I find myself spending more and more time thinking about and writing strategies of late – perhaps this is a sign of my advancing age! Before I started uni, I used to jump in and write code. A computer science degree taught me the benefits of planning what you were trying to do before rushing in. Moving this across to web development, this meant spending more time thinking about how the end-user would actually use the website in question, rather than how to solve the interesting coding problem that lay behind it all.
And now, as I spend more of my time thinking about how to get a particular message out to a particular group of people, this means thinking about what exactly that group of people are doing, and how what I’m trying to say will fit in with the rest of the things that they’re hearing, and the rest of the things that are important to them.

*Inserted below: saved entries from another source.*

(* Let $G$ be an NC-spectrum graph with nodes $x_0,\dots,x_k,y_k,\dots,y_0$, and let $M$, $\mathrm{lce}$ and $\mathrm{dia}$ be as defined in the context. Given the values $\mathrm{lce}(z)$ and $\mathrm{dia}(z)$ for all nodes $z$ (each accessible in $O(1)$ time), any entry $M(i,j)$, $0\le i,j\le k$, can be computed in $O(1)$ time.
   Context: Fix a finite set $\mathcal{R}$ of positive reals (the amino acid masses). A real $m$ is an amino-acid mass sum if $m=r_1+\cdots+r_t$ for some $t\ge1$, $r_i\in\mathcal{R}$ (repetitions allowed). Given a peptide mass $W$ and $k$ ion masses $w_1,\dots,w_k$, the NC-spectrum graph $G=(V,E)$ has vertex set $V=\{N_0,\dots,N_k,C_0,\dots,C_k\}$ with coordinates $\mathrm{cord}(N_0)=0$, $\mathrm{cord}(C_0)=W-18$, $\mathrm{cord}(N_j)=w_j-1$, $\mathrm{cord}(C_j)=W-w_j$ ($1\le j\le k$); for $j\ge1$, $N_j,C_j$ are derived from the $j$-th ion. There is an edge from $u$ to $v$ ($E(u,v)=1$, else $0$) iff $u,v$ are not derived from the same ion, $\mathrm{cord}(u)<\mathrm{cord}(v)$, and $\mathrm{cord}(v)-\mathrm{cord}(u)$ is an amino-acid mass sum. The nodes are listed in increasing coordinate order as $x_0,\dots,x_k,y_k,\dots,y_0$, with $x_0=N_0$, $y_0=C_0$ and $\{x_j,y_j\}$ the pair derived from one ion ($j\ge1$); every edge goes from a node to a later node in this list. The table $M$: for $0\le i,j\le k$, $M(i,j)=1$ if there exist a directed path $L$ from $x_0$ to $x_i$ and a directed path $R$ from $y_j$ to $y_0$ (a path may be a single node) such that $L\cup R$ contains exactly one of $x_p$ and $y_p$ for every $1\le p\le\max(i,j)$, and $M(i,j)=0$ otherwise. For $0\le i\le k$: $\mathrm{lce}(x_i)=j-i$ where $j\ge i$ is the largest index with $E(x_i,x_{i+1})=\dots=E(x_{j-1},x_j)=1$ (so $j=k$ or $E(x_j,x_{j+1})=0$); $\mathrm{lce}(y_i)=i-j$ where $j\le i$ is the smallest index with $E(y_i,y_{i-1})=\dots=E(y_{j+1},y_j)=1$ (so $j=0$ or $E(y_j,y_{j-1})=0$). Also $\mathrm{dia}(x_j)=M(j,j-1)$ and $\mathrm{dia}(y_j)=M(j-1,j)$ for $0<j\le k$, and $\mathrm{dia}(x_0)=\mathrm{dia}(y_0)=1$. *)

From mathcomp Require Import all_boot all_order all_algebra.
From mathcomp Require Import reals.
Set Implicit Arguments. Unset Strict Implicit. Unset Printing Implicit Defensive.
Import Order.TTheory GRing.Theory Num.Theory.
Local Open Scope ring_scope.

Strategy, though, this book (written by Richard Rumelt, a world-expert on strategy) tells us is often misunderstood. A goal (we want to be 50% bigger in a year) can often be put forth as a strategy (when you’re deciding what to do, give preference to those things that will make us 50% bigger in a year), but this falls short of what might be termed good strategy.
In essence, good strategy identifies an end point, describes the challenges involved in reaching that endpoint, and outlines the way that those obstacles can be overcome.
The book is packed with examples from the business world in a range of market segments, of bad strategy, accidentally good strategy, and (occasionally) deliberately good strategy. I found it helpful in working out the differences between goals, strategies and tactics, and helping determine the best approach to thinking through a new strategy.